Sor Myryam (33), nieta de seguidores del movimiento Neo Catecumenal (los kikos), pasó depresiones, una juventud «bastante rebelde» y otras mil historias hasta que, en un viaje a París para participar en una Jornada Mundial de la Juventud, se sorprendió «de la alegría que me rodeaba, yo, que siempre me estaba quejando de las incomodidades: fui de turista y volví de peregrina».

Pimientos, gallinas y dulces

Las clarisas de Belorado siempre han sido famosas por los pimientos asados de su huerta, por las gallinas, las labores de costura y las flores de tela que vendían en una pura economía de subsistencia.

También trabajaron para una fábrica de calcetines de Pradoluengo, haciendo los remates. Pero el enorme convento, cada vez con menos monjas y cada vez más mayores entre sus paredes, se deterioraba a pasos agigantados.

En 2000 hubo que iniciar las obras de rehabilitación porque el edificio se venía abajo. Las clarisas de Belorado pidieron ayuda a sus hermanas de Lerma. «Empezamos por los tejados. Recuerdo a la abadesa trabajando con pico y pala, mano a mano, con un albañil, y a las hermanas remangándose el hábito. Fue una temeridad», recuerda sor Amada. «Y la madre Pureza, con 60 años, subida a un andamio, tirando piedras. Y debajo, sor Esperanza, la guardiana de la historia del monasterio, ya fallecida, rezando porque no se atrevía a subir...», prosiguen el relato.

«Teníamos que ganarnos la vida», recuerdan. «Pero las jóvenes no conocemos ni la aguja ni la tierra, venimos de la capital y no sabemos ni quitar las malas hierbas.
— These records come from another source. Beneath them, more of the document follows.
(* Let $x$ be a sequence of length $n$ and $i,j\in\{1,\ldots,n-1\}$ with $i\ne j$. Then $\tau(x,i)\not\approx_{CT}\tau(x,j)$.
   Context: Sequences are finite sequences of pairwise distinct integers indexed from $1$. For $1\le i\le n-1$, $\tau(x,i)$ is obtained from $x$ by exchanging $x[i]$ and $x[i+1]$. The Cartesian tree $C(x)$ of a sequence $x$ of length $n$ is empty if $n=0$; otherwise, if $x[i]$ is the minimum of $x$, it is the binary tree with root $i$, left subtree $C(x[1\ldots i-1])$ and right subtree $C(x[i+1\ldots n])$. $x\approx_{CT} y$ means $C(x)=C(y)$. *)

From mathcomp Require Import all_boot all_order all_algebra.
Set Implicit Arguments. Unset Strict Implicit. Unset Printing Implicit Defensive.
Import Order.TTheory GRing.Theory Num.Theory.

(* Sequences of integers are [seq int]; the paper's 1-based index k
   corresponds to the 0-based position k-1 (nth 0 x (k-1)). *)

Inductive btree : Type :=
  | Leaf : btree
  | Node : btree -> nat -> btree -> btree.

Definition seqmin (h : int) (t : seq int) : int :=
  foldr (fun a b => if (a < b)%R then a else b) h t.

(* Cartesian tree, by recursion with fuel (fuel = size x suffices). If the
   minimum of x is x[k] (1-based k), the tree is Node (C(x[1..k-1])) k
   (C(x[k+1..n])). *)
Fixpoint ctree_aux (fuel : nat) (x : seq int) : btree :=
  match fuel with
  | 0 => Leaf
  | f.+1 =>
      match x with
      | [::] => Leaf
      | h :: t =>
          let k := index (seqmin h t) x in  (* 0-based position *)
          Node (ctree_aux f (take k x)) k.+1 (ctree_aux f (drop k.+1 x))
      end
  end.

Definition cartesian_tree (x : seq int) : btree := ctree_aux (size x) x.

Definition ct_equiv (x y : seq int) : Prop := cartesian_tree x = cartesian_tree y.

(* tau x i : exchange x[i] and x[i+1] (1-based), i.e. 0-based positions
   i-1 and i. *)
Definition tau (x : seq int) (i : nat) : seq int :=
  set_nth 0%R (set_nth 0%R x i.-1 (nth 0%R x i)) i (nth 0%R x i.-1).

From mathcomp Require Import all_boot all_order all_algebra zify.
Set Implicit Arguments.
Unset Strict Implicit.
Unset Printing Implicit Defensive.

Import Order.TTheory GRing.Theory Num.Theory.

(* The Cartesian tree of x determines its ascent pattern, i.e. the set of k
   with x[k] <= x[k+1]: if the minimum sits at position m, there is a descent
   just before m and an ascent just after it, and the two subtrees determine
   the pattern on either side.  For distinct entries, tau(x, i) reverses the
   comparison between positions i and i+1.  If j >= i + 2, tau(x, j) leaves
   that comparison unchanged, so the patterns differ at i.  If j = i + 1,
   writing a, b, c for x[i], x[i+1], x[i+2], the two sequences read b a c and
   a c b there, and equal patterns would give (b <= a) = (a <= c) = (c <= b),
   which is impossible when a != c. *)

(* Only meaningful for [k.+1 < size x]: past the end [nth] returns 0. *)
Definition ascent (x : seq int) (k : nat) : bool :=
  (nth 0%R x k <= nth 0%R x k.+1)%R.

Lemma ascent_cons h x k : ascent (h :: x) k.+1 = ascent x k.
Proof. by []. Qed.

Lemma ascent_take n x k : k.+1 < n -> ascent (take n x) k = ascent x k.
Proof. by move=> lt_k1n; rewrite /ascent !nth_take // ltnW. Qed.

Lemma ascent_drop n x k : ascent (drop n x) k = ascent x (n + k).
Proof. by rewrite /ascent !nth_drop addnS. Qed.

Lemma seqmin_cons h a t : seqmin h (a :: t) = Order.min a (seqmin h t).
Proof. by []. Qed.

Lemma seqmin_mem h t : seqmin h t \in h :: t.
Proof.
elim: t => [|a t IHt]; first exact: mem_head.
rewrite seqmin_cons !inE; case: leP => _; first by rewrite eqxx orbT.
by move: IHt; rewrite inE => /orP[] ->; rewrite ?orbT.
Qed.

Lemma seqmin_min h t z : z \in h :: t -> (seqmin h t <= z)%R.
Proof.
elim: t z => [|a t IHt] z; first by rewrite inE => /eqP ->.
rewrite seqmin_cons ge_min !inE => /or3P[/eqP->|/eqP->|z_t].
- by rewrite IHt ?mem_head ?orbT.
- by rewrite lexx.
- by rewrite IHt ?orbT // inE z_t orbT.
Qed.

Section ArgMin.

Variables (h : int) (t : seq int).
Let x := h :: t.
Let m := index (seqmin h t) x.

Lemma index_seqmin_lt_size : m < size x.
Proof. by rewrite index_mem seqmin_mem. Qed.

Lemma nth_index_seqmin : nth 0%R x m = seqmin h t.
Proof. exact/nth_index/seqmin_mem. Qed.

Lemma seqmin_lt_nth_before k : k < m -> (seqmin h t < nth 0%R x k)%R.
Proof.
move=> lt_km; have k_lt_size := ltn_trans lt_km index_seqmin_lt_size.
rewrite lt_def seqmin_min ?mem_nth // andbT.
exact/negbT/(before_find 0%R lt_km).
Qed.

Lemma descent_before_seqmin k : k.+1 = m -> ascent x k = false.
Proof.
move=> def_m; rewrite /ascent def_m nth_index_seqmin.
by apply/negbTE; rewrite -ltNge seqmin_lt_nth_before // -def_m.
Qed.

Lemma ascent_at_seqmin : m.+1 < size x -> ascent x m.
Proof.
by move=> lt_m1; rewrite /ascent nth_index_seqmin seqmin_min ?mem_nth.
Qed.

End ArgMin.

Lemma ctree_aux_cons f h t (m := index (seqmin h t) (h :: t)) :
  ctree_aux f.+1 (h :: t) =
  Node (ctree_aux f (take m (h :: t))) m.+1 (ctree_aux f (drop m.+1 (h :: t))).
Proof. by []. Qed.

Lemma ctree_aux_fuel f g x :
  size x <= f -> size x <= g -> ctree_aux f x = ctree_aux g x.
Proof.
elim: f g x => [|f IHf] [|g] [|h t] // le_tf le_tg.
have {le_tf le_tg} [le_tf le_tg] : size t <= f /\ size t <= g by [].
rewrite !ctree_aux_cons; set m := index _ _.
have le_take : size (take m (h :: t)) <= size t.
  by move: (index_seqmin_lt_size h t); rewrite -/m size_take_min /=; lia.
have le_drop : size (drop m.+1 (h :: t)) <= size t.
  by rewrite size_drop /= subSS leq_subr.
by congr Node; apply: IHf; lia.
Qed.

Lemma ctree_aux_cartesian_tree f x :
  size x <= f -> ctree_aux f x = cartesian_tree x.
Proof. by move=> le_xf; apply: ctree_aux_fuel. Qed.

Lemma ctree_aux_ascent f x y :
  size x <= f -> size y <= f -> ctree_aux f x = ctree_aux f y ->
  size x = size y /\ forall k, k.+1 < size x -> ascent x k = ascent y k.
Proof.
elim: f x y => [|f IHf] [|h t] [|h' t'] // le_xf le_yf.
have {le_xf le_yf} [le_tf le_tf'] : size t <= f /\ size t' <= f by [].
rewrite !ctree_aux_cons.
move: (index_seqmin_lt_size h t) (index_seqmin_lt_size h' t').
move: (@descent_before_seqmin h t) (@descent_before_seqmin h' t').
move: (@ascent_at_seqmin h t) (@ascent_at_seqmin h' t').
set m := index _ (h :: t); set m' := index _ (h' :: t'); clearbody m m'.
move=> asc_x asc_y desc_x desc_y lt_mx lt_my [eq_left eq_m eq_right].
subst m'.
have [le_mt le_mt'] : m <= size t /\ m <= size t' by [].
have le_take (s : seq int) : size (take m s) <= f.
  by rewrite size_take_min (leq_trans (geq_minl _ _)) //; lia.
have le_drop (s : seq int) : size s <= f -> size (drop m s) <= f.
  by move=> le_sf; rewrite size_drop; lia.
have [_ asc_left] := IHf _ _ (le_take _) (le_take _) eq_left.
have [size_right asc_right] :=
  IHf _ _ (le_drop _ le_tf) (le_drop _ le_tf') eq_right.
have eq_size : size t = size t' by move: size_right; rewrite !size_drop; lia.
split; first by rewrite /= eq_size.
move=> k lt_k; case: (ltngtP k.+1 m) => [lt_k1m|le_mk|def_m].
- rewrite -[LHS](ascent_take _ lt_k1m) -[RHS](ascent_take _ lt_k1m).
  by rewrite asc_left // size_takel // ltnW.
- move: le_mk; rewrite ltnS leq_eqVlt => /orP[/eqP eq_mk|lt_mk].
    by subst k; rewrite asc_x // asc_y //= -eq_size.
  have [k' def_k] : exists k', k = (m + k').+1 by exists (k - m.+1); lia.
  move: lt_k; rewrite def_k /= => lt_k.
  by rewrite !ascent_cons -!ascent_drop asc_right // size_drop; lia.
- by rewrite desc_x // desc_y.
Qed.

Lemma ct_equiv_ascent x y :
  ct_equiv x y ->
  size x = size y /\ forall k, k.+1 < size x -> ascent x k = ascent y k.
Proof.
move=> eq_ct; have le_xf := leq_maxl (size x) (size y).
have le_yf := leq_maxr (size x) (size y).
by apply: (ctree_aux_ascent le_xf le_yf); rewrite !ctree_aux_cartesian_tree.
Qed.

Section AdjacentComparisons.

Local Open Scope order_scope.
Context {d : Order.disp_t} {T : orderType d}.
Implicit Types a b c : T.

Lemma le_swap_neq a b : a != b -> (b <= a) != (a <= b).
Proof. by case: ltgtP. Qed.

Lemma le_rot3_neq a b c :
  a != c -> (b <= a) = (a <= c) -> (a <= c) != (c <= b).
Proof.
move=> neq_ac; case: (leP a c) => [le_ac le_ba|lt_ca /negbT]; last first.
  by rewrite -ltNge => /(lt_trans lt_ca) /ltW ->.
apply/negP=> le_cb; move/negP: neq_ac; apply; apply/eqP.
by apply: le_anti; rewrite le_ac (le_trans le_cb) ?le_ba.
Qed.

End AdjacentComparisons.

Lemma size_tau x i : i < size x -> size (tau x i) = size x.
Proof. by move=> lt_i; rewrite /tau !size_set_nth; lia. Qed.

Lemma nth_tau x i k :
  nth 0%R (tau x i.+1) k =
  if k == i.+1 then nth 0%R x i
  else if k == i then nth 0%R x i.+1 else nth 0%R x k.
Proof. by rewrite /tau nth_set_nth /=; case: eqP; rewrite ?nth_set_nth. Qed.

Lemma ascent_tau_swap x i :
  ascent (tau x i.+1) i = (nth 0%R x i.+1 <= nth 0%R x i)%R.
Proof. by rewrite /ascent !nth_tau eqxx (ltn_eqF (ltnSn i)) eqxx. Qed.

Lemma ascent_tau_lt x j k :
  k.+1 < j -> ascent (tau x j.+1) k = ascent x k.
Proof. by move=> lt_k1j; rewrite /ascent !nth_tau !ifN_eq //; lia. Qed.

Lemma ascent_tau_next x i :
  ascent (tau x i.+1) i.+1 = (nth 0%R x i <= nth 0%R x i.+2)%R.
Proof. by rewrite /ascent !nth_tau eqxx !ifN_eq //; lia. Qed.

Lemma ascent_tau_prev x i :
  ascent (tau x i.+2) i = (nth 0%R x i <= nth 0%R x i.+2)%R.
Proof. by rewrite /ascent !nth_tau eqxx !ifN_eq //; lia. Qed.

Theorem lemma6 (x : seq int) (i j : nat) :
  uniq x ->
  1 <= i <= (size x).-1 ->
  1 <= j <= (size x).-1 ->
  i != j ->
  ~ ct_equiv (tau x i) (tau x j).
Proof.
move=> uniq_x; wlog lt_ij : i j / i < j => [sym range_i range_j neq_ij|].
  case: (ltngtP i j) => [lt_ij|lt_ji|eq_ij]; first exact: sym.
    by move=> /esym; apply: sym; rewrite // eq_sym.
  by rewrite eq_ij eqxx in neq_ij.
case: i j lt_ij => [|i] [|j] // lt_ij /andP[_ le_i] /andP[_ le_j] _.
move=> /ct_equiv_ascent[_ asc].
have [lt_ix lt_jx] : i.+1 < size x /\ j.+1 < size x by lia.
have {}asc k : k.+1 < size x -> ascent (tau x i.+1) k = ascent (tau x j.+1) k.
  by move=> lt_k; apply: asc; rewrite size_tau.
have neq_nth k l :
    k < size x -> l < size x -> k != l -> nth 0%R x k != nth 0%R x l.
  by move=> lt_k lt_l; rewrite nth_uniq.
have := asc i lt_ix; rewrite ascent_tau_swap.
case: (ltngtP j i.+1) => [|lt_i1j|eq_j]; first lia.
  rewrite ascent_tau_lt // /ascent => eq_i.
  have neq_i_i1 : nth 0%R x i != nth 0%R x i.+1 by apply: neq_nth; lia.
  by have /negP[] := le_swap_neq neq_i_i1; rewrite eq_i.
subst j; rewrite ascent_tau_prev => eq_i.
have := asc i.+1 lt_jx; rewrite ascent_tau_next ascent_tau_swap => eq_i1.
have neq_i_i2 : nth 0%R x i != nth 0%R x i.+2 by apply: neq_nth; lia.
by have /negP[] := le_rot3_neq neq_i_i2 eq_i; rewrite eq_i1.
Qed.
La primera vez que nos mandaron a la huerta ríe sor Adriana arrancamos las tomateras y cortamos un ajo florecido para ponerlo en un jarrón». El ejemplo del convento de Lerma las llevó a montar un obrador artesano.

Al principio todo fue muy doméstico. Manuel Morgades, un pastelero leridano, les pasó, por teléfono y con paciencia infinita, la primera receta de las trufas. «Las hacíamos con un pucherito, un templador y un tenedor. Así, 80 kilos. Era una hecatombe, un sobreesfuerzo», explican.

Su primer cliente estuvo en Villamayor del Río. Marimar, de Casa León, les ecargó unas cajitas de surtidos para Navidad. Luego, Casa Otaegui, de San Sebastián, empezó a vender también sus trufas de chocolate (allí las probó Pedro Subijana, el patrón de Akelarre, que las elogió y las puso en sus petits fours), le siguió el Banco de Caminos... Hoy emplean cuatro toneladas de chocolate y otros rudimentos de Varlhona, una casa de lujo francesa, y exportan a medio mundo. «Somos buenas fabricantes, pero malas vendedoras», aseguran las religiosas. Y uno duda.